» Work to complete
Please copy exactly the lines from the top of the data through the line containing "all [j'], which", and nothing else.

■ ■ ■

Lemma integral_overlap_tperm j j' :
  \int[nu]_W (overlap j W)%:E = \int[nu]_W (overlap j' W)%:E.
Proof.
rewrite -(ge0_integral_row_perm nu_uniform (tperm j j')); last 2 first.
- exact/measurable_EFinP.
- by move=> W; rewrite lee_fin.
by apply: eq_integral => W _; rewrite /overlap likelihood_row_perm row_dot_row_perm tpermL.
Qed.

(* Permutation symmetry turns [k] copies of the [j]-th overlap into the sum over
   all [j'], which Bessel's inequality bounds on the Stiefel manifold. *)
Lemma integral_overlap_natmul_le j :
  (\int[nu]_W (overlap j W)%:E) *+ k
    <= (\sum_l W0 i l ^+ 2)%:E * \int[nu]_W (L W)%:E.
Proof.
have -> : (\int[nu]_W (overlap j W)%:E) *+ k
    = \sum_(j' < k) \int[nu]_W (overlap j' W)%:E.
  rewrite (eq_bigr (fun=> \int[nu]_W (overlap j W)%:E)) ?sumr_const ?card_ord //.
  by move=> j' _; exact: integral_overlap_tperm.
rewrite -ge0_integral_sum //; last 2 first.
- by move=> j'; exact/measurable_EFinP.
- by move=> j' W _; rewrite lee_fin.
rewrite -ge0_integralZl_EFin //; last 3 first.
- by move=> W _; rewrite lee_fin likelihood_ge0.
- by apply/measurable_EFinP; exact: measurable_likelihood.
- by apply: sumr_ge0 => l _; rewrite sqr_ge0.
apply: ae_ge0_le_integral => //.
- by move=> W _; apply: sume_ge0 => j' _; rewrite lee_fin.
- by apply: emeasurable_sum => j'; exact/measurable_EFinP.
- by move=> W _; rewrite -EFinM lee_fin mulr_ge0 ?likelihood_ge0 ?sumr_ge0 // => l _;
     rewrite sqr_ge0.
- apply/measurable_EFinP; apply: measurable_funM => //.
  exact: measurable_likelihood.
apply: ae_stiefel => // W SW _; rewrite sumEFin -EFinM lee_fin.
rewrite /overlap -mulr_sumr mulrC ler_wpM2r ?likelihood_ge0 //.
exact: sum_row_dot_sqr_le.
Qed.

Lemma post_avg_overlap_ge0_le j :
  (0 <= post_avg nu sigma Delta W0 X Z (fun W => row_dot W0 W i j ^+ 2)
     <= (\sum_l W0 i l ^+ 2) / k%:R)%R.
Proof.
apply: fine_div_le_of_natmul (integral_overlap_natmul_le j).
- exact: leq_ltn_trans (leq0n i) (ltn_ord i).
- by apply: sumr_ge0 => l _; exact: sqr_ge0.
- by apply: integral_ge0 => W _; rewrite lee_fin.
- by apply: integral_ge0 => W _; rewrite lee_fin likelihood_ge0.
have /andP[L0 L1] : 0 <= \int[nu]_W (L W)%:E <= 1%:E.
  by apply: integral_prob_ge0_le => W; rewrite !lee_fin likelihood_ge0 likelihood_le1.
by rewrite ge0_fin_numE // (le_lt_trans L1) ?ltry.
Qed.

End posterior_overlap.

Theorem mainTheorem2 (R : realType) :
  exists C : R, 0 < C /\
  forall (k d n : nat) (Delta : R) (sigma : R -> R)
         (nu : probability (mxR R k d) R),
    (2 <= k)%N -> (k <= d)%N -> (1 <= n)%N -> 0 < Delta ->
    measurable_fun setT sigma ->
    uniform_stiefel nu ->
    forall i j : 'I_k, i != j ->
      (bayes_overlap2 n nu sigma Delta i j <= (C / k%:R)%:E)%E.
Proof.
exists 1; split=> // k d n Delta sigma nu _ _ _ Delta_gt0 sigma_measurable
  nu_uniform i j _.
have inner_le W0 : (0 <= gauss_mx (fun X : 'M[R]_(n, d) =>
    gauss_mx (fun Z : 'M[R]_(1, n) =>
      (post_avg nu sigma Delta W0 X Z (fun W1 => row_dot W0 W1 i j ^+ 2))%:E))
  <= ((\sum_l (W0 : 'M[R]_(k, d)) i l ^+ 2) / k%:R)%:E)%E.
  apply: gauss_mx_ge0_le => X; apply: gauss_mx_ge0_le => Z; rewrite !lee_fin.
  exact: post_avg_overlap_ge0_le (ltW Delta_gt0) sigma_measurable j.
rewrite div1r -(integral_row_sqr_norm nu_uniform i).
by apply: ge0_le_integralT => W0; have /andP[] := inner_le W0.
Qed.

■ ■ ■

» Exercise answer
Lemma integral_overlap_tperm j j' :
  \int[nu]_W (overlap j W)%:E = \int[nu]_W (overlap j' W)%:E.
Proof.
rewrite -(ge0_integral_row_perm nu_uniform (tperm j j')); last 2 first.
- exact/measurable_EFinP.
- by move=> W; rewrite lee_fin.
by apply: eq_integral => W _; rewrite /overlap likelihood_row_perm row_dot_row_perm tpermL.
Qed.

(* Permutation symmetry turns [k] copies of the [j]-th overlap into the sum over
   all [j'], which Bessel's inequality bounds on the Stiefel manifold. *)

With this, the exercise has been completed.